Dr. Courtney Howard, is an emergency physician. She's also president of the Canadian Association of Physicians. Not surprisingly she's been run off her feet trying to deal with the COVID-19 pandemic. She doesn't think much of the Trudeau government's bailout of the fossil energy sector.
When I first read about the possibility of a multibillion-dollar bailout of the oil and gas sector by the federal and Alberta governments, I was exhausted.
I was exhausted from days of ER work, personal protective equipment drills, obsessive counting of ventilators and considering how to encourage Canadians to have courageous conversations around end-of-life care. I was too exhausted to even think about responding.
That was precisely the point. Oil and gas companies, lobbyists and the decision makers they have formed relationships with are counting on Canadians being too occupied coping with an ongoing health crisis to register that our country is considering a massive transfer of public funds to support the very industry most likely to cause the next health crisis. And the health crisis after that. And the health crisis after that.Howard sees a Canada that is failing our future generations.
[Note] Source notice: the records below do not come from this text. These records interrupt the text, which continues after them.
Theorem mainTheorem2
  (L : R) (A : R -> M2) (lam : nat -> R -> R) (u : nat -> R -> V2)
  (gam : nat -> R -> R) :
  0 < L ->
  C1M2 A ->
  (forall s, A (s + L) = A s) ->
  (forall s, mtrans (A s) = A s) ->
  (forall s, lam 1%nat s > lam 2%nat s /\ lam 2%nat s > 0) ->
  (forall j : nat, (j = 1 \/ j = 2)%nat ->
     C1V2 (u j) /\ (forall s, u j (s + L) = u j s) /\
     (forall s, mvec (mmul (A s) (madj (A s))) (u j s)
                = vscale (RtoC (lam j s ^ 2)) (u j s))) ->
  (forall s, inner2 (u 1%nat s) (u 1%nat s) = RtoC 1 /\
             inner2 (u 2%nat s) (u 2%nat s) = RtoC 1 /\
             inner2 (u 1%nat s) (u 2%nat s) = RtoC 0) ->
  (forall j : nat, (j = 1 \/ j = 2)%nat ->
     C1R (gam j) /\
     (forall s, bil2 (u j s) (mvec (madj (A s)) (u j s))
                = Cmul (RtoC (lam j s)) (Cexpi (gam j s)))) ->
  forall j : nat, (j = 1 \/ j = 2)%nat -> forall sign : bool,
    let lt := fun s => bil2 (u j s) (mvec (madj (A s)) (u j s)) in
    zak_phase (psi_state sign (gam j) (u j)) L
              (RtoC ((gam j L - gam j 0) / 2)) /\
    (exists W : Z, winding_number lt L (IZR W)) /\
    (forall w, winding_number lt L w -> (gam j L - gam j 0) / 2 = PI * w).
Proof.
  intros HL _ HAper _ Hlam Hu Hn Hgam j Hj sign lt.
  assert (Hlam_pos : forall s, 0 < lam j s).
  { intro s; destruct (Hlam s); destruct Hj as [-> | ->]; lra. }
  assert (Hunit : forall s, inner2 (u j s) (u j s) = RtoC 1).
  { intro s; destruct (Hn s) as [? [? _]]; destruct Hj as [-> | ->]; assumption. }
  destruct (Hu j Hj) as [HuC1 [Huper _]], (Hgam j Hj) as [HgC1 Hpolar].
  assert (Hbranch : is_arg_branch lt (gam j))
    by exact (is_arg_branch_polar lt (lam j) (gam j) (fun s => Rlt_le _ _ (Hlam_pos s))
                                  (C1R_continuity _ HgC1) Hpolar).
  assert (Hnz : forall s, lt s <> (0, 0)).
  { intro s; unfold lt; rewrite Hpolar; exact (polar_neq0 _ _ (Hlam_pos s)). }
  assert (Hclosed : lt L = lt 0).
  { pose proof (HAper 0) as HA0; pose proof (Huper 0) as Hu0.
    rewrite Rplus_0_l in HA0, Hu0; unfold lt; now rewrite HA0, Hu0. }
  destruct (winding_number_of_branch lt (gam j) L (Rlt_le _ _ HL) Hnz Hbranch Hclosed)
    as [Hexists Hunique].
  split; [exact (zak_phase_psi_state sign (gam j) (u j) L HgC1 HuC1 Hunit) |].
  split; [exact Hexists |].
  intros w Hw; rewrite (Hunique w Hw); field; exact PI_neq0.
Qed.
UNICEF, the WHO and the Lancet created an index of “child flourishing,” where Canada ranked 21st out of 180 countries in support for present-day child health, but 170th in terms of sustainability, making us one of the wealthy countries that “threaten every child’s future through climate change.”
Our current crisis highlights the need to take planetary health, defined by the Lancet as the “health of human civilization and the state of the natural systems upon which it depends,” into account. The virus of zoonotic origin currently bringing the globe to a near-standstill transferred into humans due to a lack of care at the interface between humanity and the rest of the natural world.
Pre-COVID-19, the World Economic Forum’s 2020 Global Risks Report emphasized that the majority of major risks facing the world in terms of both impact and probability have to do with this intersection — they were right.
The only possible positive outcome of this tragedy is a generational pivot: For us to rise to the COVID-19 challenge with courage and unity, learn all we can and surge into a post-pandemic world committed to preventing further crises and bolstering resilience to any that may occur. Knowing that only about 20 per cent of overall health status is determined by health care, this means pushing for measures that make life outside of the hospital stable, clean and equitable.
One wonders who is going to profit from this. Big oil & gas, banks, of course. Who else?
For us to rise to the COVID-19 challenge with courage and unity, learn all we can and surge into a post-pandemic world committed to preventing further crises and bolstering resilience to any that may occur.
I agree we will rise to the challenge and beat coronavirus.
We will lose a few million but heck we have lots of spare taxpayers for bailouts.
I feel that the slow reaction to coronavirus is more to do with back room disscussions trying to decide on who will benefit financially than the actual health of the worlds population.
So far financial stimulation of western countries has focused upon business bailout.
The financial stimulous is going to those that are underfunded,over extended , royalty defecit companies that produce little more than income tax.
We are seeing this both sides of the border.
Carbon credits have taken on a whole new meaning!!
Talking of bailouts!
This is happening through out the western world.
Where is the outrage.
It took something like this to expose the extremism of the market-libertarian fraud. Maybe not. We await the market solution that will no doubt assign responsibility to some innocuous past intervention by the leftards and secular progressives.
To those who bother to follow events, Trump's bailout atop his previous corporate tax bailout is infuriating. The first round was supposed to stimulate American companies to get back into production and hiring workers - at least that was the story. We know they took that windfall and instead used it for share buybacks and executive compensation. Why would anyone expect them to treat the current round of corporate welfare any differently than the first?
TB, do you really see a "few million" Canadians wiped out in this pandemic?
Talk about regulatory capture!
I realize it's too much to ask for but I wish this chaos would lead people to see the need for democratic restoration. We need government that, in good times and in bad, is responsive first to the public interest above all else. To achieve that we need a system in which all voices are heard and counted.
No Mound I do not see millions of Canadains dying,but world wide, yes.
As of this moment as a healthy individual I am living a life of frustrating limiting mobility coupled with a morbid curiosity of current events.
The virus has laid bare the wrongs of the world from economics to politics which are too often a product of each other.
Whilst there has been some call for change during and after the pandemic we still have those in control of government who continue to push us down the same old path particularly with disaster relief first going to those that have bled the public purse for years.
Well that's a relief, TB. If you read my next post it would not be an aberration in any historical context that three million should die just in Canada.
I too fear a government plunged into penury, unable or unwilling in the post-pandemic period, to undertake badly needed investments on climate change and healthcare.
Haven't we learned over the past few decades that Canadians are not much interested in sacrifice? Who will persuade them that a return to pre-pandemic Canada is impossible?